Now, we are going to write a function with four parameters that computes the filename, loads the data from the file and returns it. What are the steps to creating a function?

* Start with `def` followed by the name of your function. 
* Then, in parenthesis, specify the list of parameters it accepts. Parameters must be separated by a comma.
* Then, starting with the next line, indent your code by a tab or four spaces.
* Most of the code inside the function can be cut-and-pasted from previous answers.
* Don't forget to `return` the result.
* Once you've written your function, call it with `load_data(1, '20191122', 60, 2840)`.

Here's a template you can cut-and-paste:

    def load_data(subject, date, level, frequency):
        # All code indented is part of the function
        ...
        
    # This code is not part of the function because it's not indented
    data = load_data(3, '20191127', 20, 2840)
    data.shape
    
Is the shape `(197, 2)`? Congratulations. You've got it.

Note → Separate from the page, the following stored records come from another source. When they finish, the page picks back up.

(* For every $r\geq 2$, there exist $c_1,C>0$ such that the following holds. Let $H$ be an $r$-uniform hypergraph on $n$ vertices of average degree $d$. Let $X\subset V(H)$ be such that every vertex in $X$ has degree at least $Cd$. Then $\mathrm{disc}^{+}(H)\geq c_1|\partial(X)|$.
   Context: $\partial(X)$ denotes the set of edges of $H$ having at least one vertex in $X$. The average degree is $d=r|E(H)|/n$. With edge density $p=|E(H)|/\binom{n}{r}$ and $e(U)$ the number of edges contained in $U\subset V(H)$, $\mathrm{disc}(U)=e(U)-p\binom{|U|}{r}$ and $\mathrm{disc}^{+}(H)=\max_{U\subset V(H)}\mathrm{disc}(U)$. *)

From mathcomp Require Import all_boot all_order all_algebra.
Set Implicit Arguments. Unset Strict Implicit. Unset Printing Implicit Defensive.
Import Order.TTheory GRing.Theory Num.Theory.
Local Open Scope ring_scope.

(* An r-uniform hypergraph on vertex set T (a finite type, n = #|T|) is given
   by its edge set E : {set {set T}}, each edge having exactly r vertices. *)
Definition uniform (T : finType) (r : nat) (E : {set {set T}}) : Prop :=
  forall e, e \in E -> #|e| = r.

Definition deg (T : finType) (E : {set {set T}}) (x : T) : nat :=
  #|[set e in E | x \in e]|.

Definition avg_deg (T : finType) (r : nat) (E : {set {set T}}) : rat :=
  (r * #|E|)%:R / (#|T|)%:R.

Definition boundary (T : finType) (E : {set {set T}}) (X : {set T}) : {set {set T}} :=
  [set e in E | ~~ [disjoint e & X]].

Definition density (T : finType) (r : nat) (E : {set {set T}}) : rat :=
  (#|E|)%:R / ('C(#|T|, r))%:R.

Definition e_in (T : finType) (E : {set {set T}}) (U : {set T}) : nat :=
  #|[set e in E | e \subset U]|.

Definition disc (T : finType) (r : nat) (E : {set {set T}}) (U : {set T}) : rat :=
  (e_in E U)%:R - density r E * ('C(#|U|, r))%:R.

(* disc^+(H) = max over all U of disc(U).  The max is taken with neutral
   element 0; since U = set0 is among the indices and disc(set0) = 0 for
   r >= 1, this is exactly the maximum over all U. *)
Definition disc_plus (T : finType) (r : nat) (E : {set {set T}}) : rat :=
  \big[Num.max/0]_(U : {set T}) disc r E U.

(* Average disc(X :|: W) over all W disjoint from X.  An r-set S lies in
   X :|: W for a fraction 2^(|S :&: X| - r) of these W, so edges meeting X
   carry weight at least 2^(1-r) and the other edges weight 2^-r, whereas the
   expected value of p * 'C(|X :|: W|, r) is at most 2^-r * p * 'C(n, r) = 2^-r |E|
   plus p * |X| * 'C(n-1, r-1) = d |X|.  Hence 2^r disc^+ >= |boundary X| - 2^r d |X|,
   and summing the degree condition over X bounds C d |X| by r |boundary X|;
   C = r 2^(r+1) then leaves disc^+ >= 2^-(r+1) |boundary X|. *)

From mathcomp Require Import all_boot all_order all_algebra.
From mathcomp Require Import ring lra.
Set Implicit Arguments.
Unset Strict Implicit.
Unset Printing Implicit Defensive.

Import Order.TTheory GRing.Theory Num.Theory.

Section Counting.
Variable T : finType.
Implicit Types (A B S V W X : {set T}) (G : {set {set T}}).

Lemma card_set_sum (I : finType) (A : {pred I}) (P : pred I) :
  #|[set x in A | P x]| = \sum_(x in A) P x.
Proof.
rewrite -sum1_card big_mkcond [RHS]big_mkcond; apply: eq_bigr => x _.
by rewrite inE; case: (x \in A); case: (P x).
Qed.

Lemma card_supersets A B : B \subset A ->
  #|[set W in powerset A | B \subset W]| = 2 ^ (#|A| - #|B|).
Proof.
move=> sBA; have -> : (#|A| - #|B| = #|A :\: B|)%N by rewrite cardsD (setIidPr sBA).
rewrite -card_powerset.
have injU : {in powerset (A :\: B) &, injective (setU B)}.
  move=> V1 V2; rewrite !inE => sV1 sV2 /(congr1 (fun V => V :\: B)).
  rewrite !setDUl setDv !set0U.
  have disjB V : V \subset A :\: B -> V :\: B = V.
    by case/subsetDP=> _ /setDidPl.
  by rewrite (disjB V1) // (disjB V2).
rewrite -(card_in_imset injU); apply: eq_card => W; rewrite !inE.
apply/andP/imsetP => [[sWA sBW] | [V + ->]].
  exists (W :\: B); first by rewrite inE setSD.
  by rewrite setDE setUIr setUCr setIT (setUidPr sBW).
by rewrite inE subUset sBA subsetUl => sV; rewrite (subset_trans sV) ?subsetDl.
Qed.

Lemma sum_card_subsets_setU X G :
  \sum_(W in powerset (~: X)) #|[set S in G | S \subset X :|: W]|
  = \sum_(S in G) 2 ^ (#|~: X| - #|S :\: X|).
Proof.
under eq_bigr => W _ do rewrite card_set_sum.
rewrite exchange_big; apply: eq_bigr => S _.
rewrite -card_set_sum -card_supersets; last by rewrite setDE subsetIr.
by apply: eq_card => W; rewrite !inE subDset.
Qed.

Lemma sum_card_subsets_setU_uniform r X G : uniform r G ->
  (2 ^ r * \sum_(W in powerset (~: X)) #|[set S in G | S \subset X :|: W]|
   = 2 ^ #|~: X| * \sum_(S in G) 2 ^ #|S :&: X|)%N.
Proof.
move=> Gu; rewrite sum_card_subsets_setU !big_distrr; apply: eq_bigr => S GS.
have sSX : (#|S :\: X| <= #|~: X|)%N by rewrite subset_leq_card // setDE subsetIr.
by rewrite /= -(Gu S GS) -(cardsID X S) expnD -mulnA -expnD subnKC // mulnC.
Qed.

Lemma sum_card_setI X G :
  \sum_(S in G) #|S :&: X| = \sum_(x in X) #|[set S in G | x \in S]|.
Proof.
have cardI S : #|S :&: X| = \sum_(x in X) (x \in S).
  by rewrite -card_set_sum; apply: eq_card => x; rewrite !inE andbC.
under eq_bigr => S _ do rewrite cardI.
by rewrite exchange_big; apply: eq_bigr => x _; rewrite card_set_sum.
Qed.

Lemma card_draws_mem (x : T) r :
  #|[set S : {set T} | #|S| == r.+1 & x \in S]| = 'C(#|T|.-1, r).
Proof.
rewrite -(cardsC1 x) -cards_draws.
have notx A : A \subset [set~ x] -> x \notin A.
  by move=> sA; apply/negP=> /(subsetP sA); rewrite !inE eqxx.
have injU : {in [set A : {set T} | A \subset [set~ x] & #|A| == r] &,
               injective (setU [set x])}.
  move=> A B; rewrite !inE => /andP[/notx xA _] /andP[/notx xB _] eqAB.
  by rewrite -(setU1K xA) -(setU1K xB) eqAB.
rewrite -(card_in_imset injU); apply: eq_card => S; rewrite !inE.
apply/andP/imsetP => [[/eqP cS xS] | [A + ->]].
  exists (S :\ x); last by rewrite setD1K.
  rewrite inE {1}setDE subsetIr /=.
  by move: cS; rewrite (cardsD1 x) xS add1n => -[->].
rewrite inE => /andP[/notx xA /eqP cA].
by rewrite cardsU1 xA cA setU11.
Qed.

Lemma expn2_leq_add_mul k m : (k <= m -> 2 ^ k <= 1 + 2 ^ m * k)%N.
Proof.
case: k => [//|k] km; apply: leq_trans (leq_addl _ _).
by rewrite (leq_trans (leq_pexp2l _ km)) ?leq_pmulr.
Qed.

End Counting.

Local Open Scope ring_scope.

Section Hypergraph.
Variables (T : finType) (E : {set {set T}}).
Implicit Type X : {set T}.

Lemma sum_deg_le r X : uniform r E ->
  (\sum_(x in X) deg E x <= r * #|boundary E X|)%N.
Proof.
move=> Eu; rewrite -sum_card_setI /boundary card_set_sum big_distrr /=.
apply: leq_sum => e eE; case: (boolP [disjoint e & X]) => [|_].
  by rewrite -setI_eq0 => /eqP ->; rewrite cards0.
by rewrite muln1 -(Eu e eE) subset_leq_card ?subsetIl.
Qed.

Lemma card_add_boundary_le X :
  (#|E| + #|boundary E X| <= \sum_(e in E) 2 ^ #|e :&: X|)%N.
Proof.
rewrite /boundary card_set_sum -sum1_card -big_split /=; apply: leq_sum => e _.
rewrite -setI_eq0 -card_gt0; case: #|e :&: X| => [//|k] /=.
by rewrite (leq_pexp2l (isT : (0 < 2)%N) (ltn0Sn k)).
Qed.

Lemma sum_draws_expn_setI_le r X :
  (\sum_(S in [set S : {set T} | #|S| == r.+1]) 2 ^ #|S :&: X|
   <= 'C(#|T|, r.+1) + 2 ^ r.+1 * (#|X| * 'C(#|T|.-1, r)))%N.
Proof.
set R := [set S : {set T} | #|S| == r.+1].
have -> : (#|X| * 'C(#|T|.-1, r) = \sum_(S in R) #|S :&: X|)%N.
  rewrite sum_card_setI -sum_nat_const; apply: eq_bigr => x _.
  by rewrite -(card_draws_mem x); apply: eq_card => S; rewrite !inE.
rewrite -card_draws big_distrr -sum1_card -big_split /=; apply: leq_sum => S.
by rewrite inE => /eqP cS; rewrite expn2_leq_add_mul // -cS subset_leq_card ?subsetIl.
Qed.

Lemma uniform_card_le_bin r : uniform r E -> (#|E| <= 'C(#|T|, r))%N.
Proof.
move=> Eu; rewrite -card_draws subset_leq_card //.
by apply/subsetP => e eE; rewrite inE (Eu e eE).
Qed.

Lemma density_mul_bin r : uniform r E -> density r E * 'C(#|T|, r)%:R = #|E|%:R.
Proof.
move=> Eu; have [K0 | K0] := eqVneq 'C(#|T|, r) 0%N.
  by move: (uniform_card_le_bin Eu); rewrite K0 leqn0 => /eqP ->; rewrite /density K0 mulr0.
by rewrite /density divfK // pnatr_eq0.
Qed.

Lemma density_mul_bin_pred r :
  uniform r.+1 E -> density r.+1 E * 'C(#|T|.-1, r)%:R = avg_deg r.+1 E.
Proof.
move=> Eu; rewrite /density /avg_deg natrM.
have [K0 | K0] := eqVneq 'C(#|T|, r.+1) 0%N.
  by move: (uniform_card_le_bin Eu); rewrite K0 leqn0 => /eqP ->; rewrite !(mul0r, mulr0).
have n0 : #|T|%:R != 0 :> rat by rewrite pnatr_eq0; apply: contra_neq K0 => ->.
have bin : #|T|%:R * 'C(#|T|.-1, r)%:R = r.+1%:R * 'C(#|T|, r.+1)%:R :> rat.
  by rewrite -!natrM mul_bin_diag.
have -> : 'C(#|T|.-1, r)%:R = r.+1%:R * 'C(#|T|, r.+1)%:R / #|T|%:R :> rat.
  by rewrite -bin mulrC mulKf.
by field; rewrite n0 pnatr_eq0 K0.
Qed.

Lemma sum_disc_setU_le r X :
  \sum_(W in powerset (~: X)) disc r E (X :|: W) <= (2 ^ #|~: X|)%:R * disc_plus r E.
Proof.
rewrite -card_powerset mulr_natl -sumr_const; apply: ler_sum => W _.
exact: le_bigmax.
Qed.

Lemma boundary_le_disc_plus r X : uniform r.+1 E ->
  #|boundary E X|%:R
  <= (2 ^ r.+1)%:R * (disc_plus r.+1 E + avg_deg r.+1 E * #|X|%:R).
Proof.
move=> Eu; set R := [set S : {set T} | #|S| == r.+1].
have Ru : uniform r.+1 R by move=> S; rewrite inE => /eqP.
set t : rat := (2 ^ r.+1)%:R; set N : rat := (2 ^ #|~: X|)%:R.
set p := density r.+1 E.
have edges : t * \sum_(W in powerset (~: X)) (e_in E (X :|: W))%:R
    = N * (\sum_(e in E) 2 ^ #|e :&: X|)%:R.
  by rewrite -natr_sum -!natrM (sum_card_subsets_setU_uniform X Eu).
have draws : t * \sum_(W in powerset (~: X)) 'C(#|X :|: W|, r.+1)%:R
    = N * (\sum_(S in R) 2 ^ #|S :&: X|)%:R.
  rewrite -natr_sum -!natrM -(sum_card_subsets_setU_uniform X Ru).
  congr (_ * _)%:R; apply: eq_bigr => W _.
  by rewrite -cards_draws; apply: eq_card => S; rewrite !inE andbC.
have lower := card_add_boundary_le X.
have upper := sum_draws_expn_setI_le r X.
have avg := sum_disc_setU_le r.+1 X.
rewrite /disc sumrB -mulr_sumr -/p -/N in avg.
rewrite -(ler_nat rat) natrD in lower.
rewrite -(ler_nat rat) natrD !natrM -/t in upper.
have t0 : 0 <= t by rewrite ler0n.
have N0 : 0 < N by rewrite ltr0n expn_gt0.
have p0 : 0 <= p by rewrite divr_ge0 ?ler0n.
have lowerN := ler_wpM2l (ltW N0) lower.
have avgt := ler_wpM2l t0 avg.
have upperN : p * (t * \sum_(W in powerset (~: X)) 'C(#|X :|: W|, r.+1)%:R)
    <= N * (#|E|%:R + t * (avg_deg r.+1 E * #|X|%:R)).
  rewrite draws -(density_mul_bin Eu) -(density_mul_bin_pred Eu).
  have -> : N * (p * 'C(#|T|, r.+1)%:R + t * (p * 'C(#|T|.-1, r)%:R * #|X|%:R))
      = p * (N * ('C(#|T|, r.+1)%:R + t * (#|X|%:R * 'C(#|T|.-1, r)%:R))) by ring.
  by rewrite ler_wpM2l // ler_wpM2l // ltW.
rewrite -(ler_pM2l N0); move: edges lowerN avgt upperN; clearbody t N p; lra.
Qed.

End Hypergraph.

Theorem lemma5p2 (r : nat) (hr : (2 <= r)%N) :
  exists c1 C : rat, 0 < c1 /\ 0 < C /\
    forall (T : finType) (E : {set {set T}}) (X : {set T}),
      uniform r E ->
      (forall x, x \in X -> C * avg_deg r E <= (deg E x)%:R) ->
      c1 * (#|boundary E X|)%:R <= disc_plus r E.
Proof.
case: r hr => [//|r] _.
exists (2 ^ r.+2)%:R^-1, (r.+1 * 2 ^ r.+2)%:R.
split; first by rewrite invr_gt0 ltr0n expn_gt0.
split; first by rewrite ltr0n muln_gt0 expn_gt0.
move=> T E X Eu Xdeg.
have t0 : 0 < (2 ^ r.+1)%:R :> rat by rewrite ltr0n expn_gt0.
rewrite expnS (natrM _ 2) ler_pdivrMl ?mulr_gt0 //.
have sum_deg : (r.+1 * 2 ^ r.+2)%:R * (avg_deg r.+1 E * #|X|%:R)
    <= (r.+1 * #|boundary E X|)%:R.
  rewrite mulrA mulr_natr -sumr_const; apply: le_trans (ler_sum _ Xdeg) _.
  by rewrite -natr_sum ler_nat sum_deg_le.
rewrite !(natrM _ r.+1) -mulrA ler_pM2l ?ltr0Sn // expnS (natrM _ 2) in sum_deg.
have := boundary_le_disc_plus X Eu.
move: sum_deg; move: (2 ^ r.+1)%:R => t; lra.
Qed.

Finished early? Great, please put up your **green flag**, then go on to the bonus steps:
* Since we want to manually inspect our data, we will be doing a lot of typing. However, we are primarily interested in performance for a level of 20 dB SPL and frequency of 2840 Hz. So, let's make those the *default* values for those parameters. That will allow us to type `load_data(3, '20191127')` instead of `load_data(3, '20191127', 20, 2840)`. Go ahead and do it.

In [None]:
# Answer
def load_data(subject, date, level=20, frequency=2840):
    filename = f'data/S{subject}_{date}_{level}dBSPL_{frequency}Hz.dat'
    data = pd.read_csv(filename, comment=';')
    return data

data = load_data(3, '20191127', 20, 2840)
print(data.shape)

data = load_data(3, '20191127')
print(data.shape)

Now, write a function, `plot_data` that takes two parameters, `axes` and `data`, and plots the data on the provided axes. Use the plotting code we created for the `scatter` plot.